__How to complete this task__:
Repeat the lines below exactly as written, please, from the line with "b da db) t." to the line with "replace (r - 1", both lines included, and no others.

(Saved entries)

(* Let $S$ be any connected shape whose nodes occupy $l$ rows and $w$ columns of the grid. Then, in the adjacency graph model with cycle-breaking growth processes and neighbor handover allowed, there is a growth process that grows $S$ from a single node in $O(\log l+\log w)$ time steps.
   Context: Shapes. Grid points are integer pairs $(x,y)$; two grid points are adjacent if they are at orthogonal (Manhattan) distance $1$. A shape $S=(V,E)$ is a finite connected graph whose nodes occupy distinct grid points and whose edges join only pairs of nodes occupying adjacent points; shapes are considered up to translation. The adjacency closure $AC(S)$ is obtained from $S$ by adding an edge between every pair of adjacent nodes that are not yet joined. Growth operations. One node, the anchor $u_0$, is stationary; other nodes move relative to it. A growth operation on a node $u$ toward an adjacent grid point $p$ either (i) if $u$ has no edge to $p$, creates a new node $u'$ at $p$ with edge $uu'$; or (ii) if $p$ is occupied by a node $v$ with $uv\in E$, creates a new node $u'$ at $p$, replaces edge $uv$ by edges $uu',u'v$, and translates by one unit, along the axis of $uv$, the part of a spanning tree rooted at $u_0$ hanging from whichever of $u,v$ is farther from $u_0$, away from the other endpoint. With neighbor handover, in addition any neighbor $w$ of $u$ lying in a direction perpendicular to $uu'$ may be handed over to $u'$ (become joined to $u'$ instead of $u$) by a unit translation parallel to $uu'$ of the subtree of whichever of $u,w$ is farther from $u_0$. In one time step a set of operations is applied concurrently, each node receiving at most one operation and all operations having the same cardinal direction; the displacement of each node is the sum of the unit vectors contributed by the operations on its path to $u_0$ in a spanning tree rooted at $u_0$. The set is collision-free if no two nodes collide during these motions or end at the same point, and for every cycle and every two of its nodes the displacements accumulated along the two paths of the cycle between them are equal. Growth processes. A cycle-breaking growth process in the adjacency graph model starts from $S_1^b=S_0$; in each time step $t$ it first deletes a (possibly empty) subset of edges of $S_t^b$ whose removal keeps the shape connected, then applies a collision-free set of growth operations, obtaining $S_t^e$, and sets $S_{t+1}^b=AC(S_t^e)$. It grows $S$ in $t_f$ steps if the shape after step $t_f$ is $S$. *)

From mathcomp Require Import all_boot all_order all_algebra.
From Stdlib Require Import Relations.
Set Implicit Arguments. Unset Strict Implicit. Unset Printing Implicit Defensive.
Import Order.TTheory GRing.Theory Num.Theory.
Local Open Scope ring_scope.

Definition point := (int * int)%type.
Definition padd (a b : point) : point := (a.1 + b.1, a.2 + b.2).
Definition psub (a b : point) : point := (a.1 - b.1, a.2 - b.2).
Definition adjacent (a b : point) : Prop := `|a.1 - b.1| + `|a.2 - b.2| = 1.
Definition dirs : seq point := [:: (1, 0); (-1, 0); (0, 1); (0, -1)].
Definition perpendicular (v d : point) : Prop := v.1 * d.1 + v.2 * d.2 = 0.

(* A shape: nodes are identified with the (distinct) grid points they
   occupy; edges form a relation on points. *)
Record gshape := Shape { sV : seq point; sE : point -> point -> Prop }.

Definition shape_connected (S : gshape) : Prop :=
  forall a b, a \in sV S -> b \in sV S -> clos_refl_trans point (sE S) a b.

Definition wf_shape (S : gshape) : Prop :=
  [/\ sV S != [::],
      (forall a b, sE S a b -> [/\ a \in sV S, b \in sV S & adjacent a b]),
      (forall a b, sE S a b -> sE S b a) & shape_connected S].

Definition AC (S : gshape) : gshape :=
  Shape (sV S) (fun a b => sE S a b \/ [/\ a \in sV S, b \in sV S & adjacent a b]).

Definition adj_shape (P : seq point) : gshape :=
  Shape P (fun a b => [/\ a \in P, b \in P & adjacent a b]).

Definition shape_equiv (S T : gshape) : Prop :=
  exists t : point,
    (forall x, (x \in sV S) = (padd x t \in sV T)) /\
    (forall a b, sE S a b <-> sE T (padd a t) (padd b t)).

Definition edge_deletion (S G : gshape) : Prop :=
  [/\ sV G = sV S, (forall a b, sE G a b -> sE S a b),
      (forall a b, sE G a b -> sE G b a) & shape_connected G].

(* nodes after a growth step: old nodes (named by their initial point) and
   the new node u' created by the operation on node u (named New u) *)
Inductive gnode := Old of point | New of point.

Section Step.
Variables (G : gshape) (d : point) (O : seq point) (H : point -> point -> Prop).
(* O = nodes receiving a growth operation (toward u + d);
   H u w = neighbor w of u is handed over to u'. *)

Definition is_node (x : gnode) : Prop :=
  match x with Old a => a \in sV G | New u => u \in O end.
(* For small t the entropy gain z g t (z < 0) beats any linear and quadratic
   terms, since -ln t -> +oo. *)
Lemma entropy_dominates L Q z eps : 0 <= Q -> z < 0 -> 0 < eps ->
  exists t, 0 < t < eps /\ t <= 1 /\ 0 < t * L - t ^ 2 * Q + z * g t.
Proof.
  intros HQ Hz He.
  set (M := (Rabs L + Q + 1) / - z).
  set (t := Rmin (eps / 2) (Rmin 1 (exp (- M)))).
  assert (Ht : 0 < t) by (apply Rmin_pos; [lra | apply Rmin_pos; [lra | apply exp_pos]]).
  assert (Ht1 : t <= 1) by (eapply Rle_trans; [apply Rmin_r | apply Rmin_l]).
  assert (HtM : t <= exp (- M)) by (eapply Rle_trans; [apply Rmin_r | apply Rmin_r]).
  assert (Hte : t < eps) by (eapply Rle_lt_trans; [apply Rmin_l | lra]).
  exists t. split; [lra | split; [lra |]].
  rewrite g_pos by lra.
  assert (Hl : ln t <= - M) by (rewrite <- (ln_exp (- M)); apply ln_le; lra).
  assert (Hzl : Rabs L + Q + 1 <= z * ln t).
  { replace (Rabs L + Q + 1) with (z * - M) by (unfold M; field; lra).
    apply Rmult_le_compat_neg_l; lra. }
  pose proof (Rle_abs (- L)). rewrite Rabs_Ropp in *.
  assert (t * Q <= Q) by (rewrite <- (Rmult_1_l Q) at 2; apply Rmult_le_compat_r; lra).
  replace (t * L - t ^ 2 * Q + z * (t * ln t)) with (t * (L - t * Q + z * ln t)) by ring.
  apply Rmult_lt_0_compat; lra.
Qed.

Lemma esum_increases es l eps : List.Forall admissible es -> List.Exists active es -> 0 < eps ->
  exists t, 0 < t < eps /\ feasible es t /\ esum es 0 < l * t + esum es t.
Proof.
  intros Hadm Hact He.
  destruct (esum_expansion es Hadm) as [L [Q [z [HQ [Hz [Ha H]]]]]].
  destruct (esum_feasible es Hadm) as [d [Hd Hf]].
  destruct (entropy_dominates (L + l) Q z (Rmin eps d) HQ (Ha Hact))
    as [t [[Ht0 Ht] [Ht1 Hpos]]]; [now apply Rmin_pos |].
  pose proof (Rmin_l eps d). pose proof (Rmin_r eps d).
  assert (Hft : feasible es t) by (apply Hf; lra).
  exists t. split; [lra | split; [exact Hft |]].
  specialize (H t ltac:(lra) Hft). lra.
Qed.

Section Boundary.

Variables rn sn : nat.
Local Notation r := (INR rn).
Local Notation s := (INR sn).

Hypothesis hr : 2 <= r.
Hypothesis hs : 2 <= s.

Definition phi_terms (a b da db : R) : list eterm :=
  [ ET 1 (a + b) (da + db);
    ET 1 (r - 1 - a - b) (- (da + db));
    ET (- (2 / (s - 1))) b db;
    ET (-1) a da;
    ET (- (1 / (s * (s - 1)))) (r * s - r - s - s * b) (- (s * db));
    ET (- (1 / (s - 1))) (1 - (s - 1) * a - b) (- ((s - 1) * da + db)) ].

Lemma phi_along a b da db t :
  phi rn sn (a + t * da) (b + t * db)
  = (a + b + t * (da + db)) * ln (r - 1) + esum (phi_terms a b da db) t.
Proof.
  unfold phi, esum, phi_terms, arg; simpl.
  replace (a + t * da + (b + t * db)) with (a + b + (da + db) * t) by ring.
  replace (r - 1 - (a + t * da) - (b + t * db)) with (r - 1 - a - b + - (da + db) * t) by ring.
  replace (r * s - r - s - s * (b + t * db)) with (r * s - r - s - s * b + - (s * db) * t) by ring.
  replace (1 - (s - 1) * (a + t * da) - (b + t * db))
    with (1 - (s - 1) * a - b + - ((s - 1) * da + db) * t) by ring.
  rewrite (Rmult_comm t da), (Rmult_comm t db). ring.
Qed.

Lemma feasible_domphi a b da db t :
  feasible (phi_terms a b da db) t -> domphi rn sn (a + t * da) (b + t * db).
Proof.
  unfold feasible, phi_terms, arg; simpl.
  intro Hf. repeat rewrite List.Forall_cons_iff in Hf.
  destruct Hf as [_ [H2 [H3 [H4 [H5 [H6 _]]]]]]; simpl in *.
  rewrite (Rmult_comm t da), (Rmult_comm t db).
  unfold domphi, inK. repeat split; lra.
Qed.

__Worked solution__:
  = (a + b + t * (da + db)) * ln (r - 1) + esum (phi_terms a b da db) t.
Proof.
  unfold phi, esum, phi_terms, arg; simpl.
  replace (a + t * da + (b + t * db)) with (a + b + (da + db) * t) by ring.
  replace (r - 1 - (a + t * da) - (b + t * db)) with (r - 1 - a - b + - (da + db) * t) by ring.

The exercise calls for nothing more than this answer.